_WHAT IS REQUIRED:_
Scan the following material for the string "CirculantRows" and copy each line in which it appears.

_DATA SUPPLIED:_
=== Section Start ===
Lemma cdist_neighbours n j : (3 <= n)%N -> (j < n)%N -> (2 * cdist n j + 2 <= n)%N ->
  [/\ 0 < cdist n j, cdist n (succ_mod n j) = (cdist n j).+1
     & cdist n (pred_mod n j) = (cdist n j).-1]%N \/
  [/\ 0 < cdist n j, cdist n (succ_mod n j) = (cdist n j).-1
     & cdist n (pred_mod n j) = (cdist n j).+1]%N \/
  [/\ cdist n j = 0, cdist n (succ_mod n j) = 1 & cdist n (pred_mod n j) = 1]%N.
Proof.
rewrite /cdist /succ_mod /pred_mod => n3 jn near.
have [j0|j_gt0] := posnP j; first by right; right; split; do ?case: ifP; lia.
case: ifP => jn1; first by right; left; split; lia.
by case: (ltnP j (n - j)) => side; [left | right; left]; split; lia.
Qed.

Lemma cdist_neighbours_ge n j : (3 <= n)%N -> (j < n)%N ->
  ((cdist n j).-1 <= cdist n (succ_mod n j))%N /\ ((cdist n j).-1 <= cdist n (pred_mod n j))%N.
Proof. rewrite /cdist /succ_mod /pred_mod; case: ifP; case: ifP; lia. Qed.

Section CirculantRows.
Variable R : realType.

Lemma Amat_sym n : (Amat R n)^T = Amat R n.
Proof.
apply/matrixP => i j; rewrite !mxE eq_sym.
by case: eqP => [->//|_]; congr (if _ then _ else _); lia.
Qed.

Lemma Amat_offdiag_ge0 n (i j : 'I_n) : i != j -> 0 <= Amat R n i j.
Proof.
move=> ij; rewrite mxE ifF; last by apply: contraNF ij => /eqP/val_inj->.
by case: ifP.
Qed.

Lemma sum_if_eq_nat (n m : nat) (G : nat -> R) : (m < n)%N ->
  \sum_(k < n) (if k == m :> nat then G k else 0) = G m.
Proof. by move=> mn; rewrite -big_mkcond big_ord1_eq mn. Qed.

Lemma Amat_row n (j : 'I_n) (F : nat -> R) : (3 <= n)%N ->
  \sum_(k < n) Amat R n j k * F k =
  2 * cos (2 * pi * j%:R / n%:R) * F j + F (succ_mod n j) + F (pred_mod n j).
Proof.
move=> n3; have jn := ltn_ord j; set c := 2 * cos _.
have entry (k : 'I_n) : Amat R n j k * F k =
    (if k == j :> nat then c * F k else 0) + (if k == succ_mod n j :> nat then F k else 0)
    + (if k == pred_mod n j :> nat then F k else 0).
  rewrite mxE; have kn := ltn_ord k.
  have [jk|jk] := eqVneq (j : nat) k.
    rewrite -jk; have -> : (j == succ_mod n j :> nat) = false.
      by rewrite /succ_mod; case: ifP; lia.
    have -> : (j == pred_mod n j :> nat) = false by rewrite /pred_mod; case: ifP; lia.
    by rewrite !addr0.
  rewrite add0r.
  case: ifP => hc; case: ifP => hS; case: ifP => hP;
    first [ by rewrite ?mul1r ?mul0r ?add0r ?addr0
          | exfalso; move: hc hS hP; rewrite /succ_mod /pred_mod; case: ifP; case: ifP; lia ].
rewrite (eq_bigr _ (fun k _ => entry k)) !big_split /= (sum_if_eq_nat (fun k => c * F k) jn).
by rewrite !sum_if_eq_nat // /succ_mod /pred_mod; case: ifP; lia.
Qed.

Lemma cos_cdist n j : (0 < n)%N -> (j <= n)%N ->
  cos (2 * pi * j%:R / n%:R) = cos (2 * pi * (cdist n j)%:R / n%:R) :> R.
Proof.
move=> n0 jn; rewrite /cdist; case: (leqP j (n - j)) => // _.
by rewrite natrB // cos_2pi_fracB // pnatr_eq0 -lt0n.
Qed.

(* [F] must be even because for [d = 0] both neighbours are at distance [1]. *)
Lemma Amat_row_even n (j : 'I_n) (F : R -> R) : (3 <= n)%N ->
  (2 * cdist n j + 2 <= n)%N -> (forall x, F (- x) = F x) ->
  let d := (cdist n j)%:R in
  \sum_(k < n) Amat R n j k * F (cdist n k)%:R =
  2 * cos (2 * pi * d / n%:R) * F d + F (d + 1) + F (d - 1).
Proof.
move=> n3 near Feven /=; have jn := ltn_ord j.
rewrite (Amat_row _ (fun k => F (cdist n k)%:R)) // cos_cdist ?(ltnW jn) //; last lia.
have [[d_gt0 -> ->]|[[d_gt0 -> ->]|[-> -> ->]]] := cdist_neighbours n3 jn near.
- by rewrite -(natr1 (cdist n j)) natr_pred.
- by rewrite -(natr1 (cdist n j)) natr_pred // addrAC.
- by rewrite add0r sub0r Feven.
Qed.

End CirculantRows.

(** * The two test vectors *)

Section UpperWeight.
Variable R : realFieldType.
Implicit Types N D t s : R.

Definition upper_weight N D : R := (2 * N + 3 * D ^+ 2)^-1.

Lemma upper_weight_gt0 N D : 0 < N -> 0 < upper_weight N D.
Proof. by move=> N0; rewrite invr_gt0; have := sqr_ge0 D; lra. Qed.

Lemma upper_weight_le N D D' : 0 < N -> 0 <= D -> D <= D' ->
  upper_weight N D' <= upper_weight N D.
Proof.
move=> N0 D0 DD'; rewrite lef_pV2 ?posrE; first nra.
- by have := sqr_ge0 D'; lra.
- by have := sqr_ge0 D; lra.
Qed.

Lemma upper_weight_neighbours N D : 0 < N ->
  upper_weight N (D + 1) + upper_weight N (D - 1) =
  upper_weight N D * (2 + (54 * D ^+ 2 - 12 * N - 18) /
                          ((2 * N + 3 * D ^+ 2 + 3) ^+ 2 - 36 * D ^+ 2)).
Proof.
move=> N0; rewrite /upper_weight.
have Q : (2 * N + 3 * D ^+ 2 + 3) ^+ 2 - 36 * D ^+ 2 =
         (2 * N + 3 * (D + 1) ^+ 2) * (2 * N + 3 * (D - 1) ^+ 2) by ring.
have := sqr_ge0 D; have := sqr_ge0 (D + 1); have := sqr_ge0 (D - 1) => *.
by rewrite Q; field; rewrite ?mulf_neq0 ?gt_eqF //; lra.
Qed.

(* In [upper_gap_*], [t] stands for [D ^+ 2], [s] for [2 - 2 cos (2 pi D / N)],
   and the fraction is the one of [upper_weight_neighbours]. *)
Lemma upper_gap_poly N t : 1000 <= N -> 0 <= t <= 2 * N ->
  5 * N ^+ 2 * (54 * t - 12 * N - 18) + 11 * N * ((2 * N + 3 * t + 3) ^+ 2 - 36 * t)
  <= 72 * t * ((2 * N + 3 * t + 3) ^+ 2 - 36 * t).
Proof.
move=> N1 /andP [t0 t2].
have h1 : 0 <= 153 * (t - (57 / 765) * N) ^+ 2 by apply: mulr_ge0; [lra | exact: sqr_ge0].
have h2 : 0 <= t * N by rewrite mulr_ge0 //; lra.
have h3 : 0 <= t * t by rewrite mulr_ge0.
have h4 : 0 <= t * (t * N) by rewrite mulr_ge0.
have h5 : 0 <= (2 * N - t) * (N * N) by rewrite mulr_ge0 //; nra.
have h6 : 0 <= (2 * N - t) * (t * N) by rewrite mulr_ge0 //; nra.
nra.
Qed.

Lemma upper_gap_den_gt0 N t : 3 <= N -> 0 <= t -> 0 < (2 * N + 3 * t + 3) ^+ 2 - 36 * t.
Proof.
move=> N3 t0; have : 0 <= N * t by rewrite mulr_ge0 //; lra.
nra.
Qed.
=== Section End ===
=== Section Start ===
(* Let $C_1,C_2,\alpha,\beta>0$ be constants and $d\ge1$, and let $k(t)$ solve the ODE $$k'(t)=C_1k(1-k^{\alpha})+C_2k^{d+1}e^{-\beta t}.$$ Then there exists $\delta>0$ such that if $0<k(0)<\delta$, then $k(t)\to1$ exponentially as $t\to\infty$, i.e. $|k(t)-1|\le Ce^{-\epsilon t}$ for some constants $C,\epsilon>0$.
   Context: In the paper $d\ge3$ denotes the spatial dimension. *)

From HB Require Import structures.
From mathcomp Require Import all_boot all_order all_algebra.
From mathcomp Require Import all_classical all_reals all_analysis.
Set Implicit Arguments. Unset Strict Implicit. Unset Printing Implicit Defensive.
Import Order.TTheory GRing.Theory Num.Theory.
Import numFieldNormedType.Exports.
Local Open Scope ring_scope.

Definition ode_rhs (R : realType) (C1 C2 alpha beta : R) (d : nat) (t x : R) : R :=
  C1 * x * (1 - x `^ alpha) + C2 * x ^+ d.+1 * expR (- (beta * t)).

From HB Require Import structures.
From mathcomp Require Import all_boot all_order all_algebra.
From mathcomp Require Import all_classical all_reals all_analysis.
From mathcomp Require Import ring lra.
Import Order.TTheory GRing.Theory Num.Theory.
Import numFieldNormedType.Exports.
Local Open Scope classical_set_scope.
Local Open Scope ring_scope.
=== Section End ===
_EXERCISE SOLUTION:_
Section CirculantRows.
End CirculantRows.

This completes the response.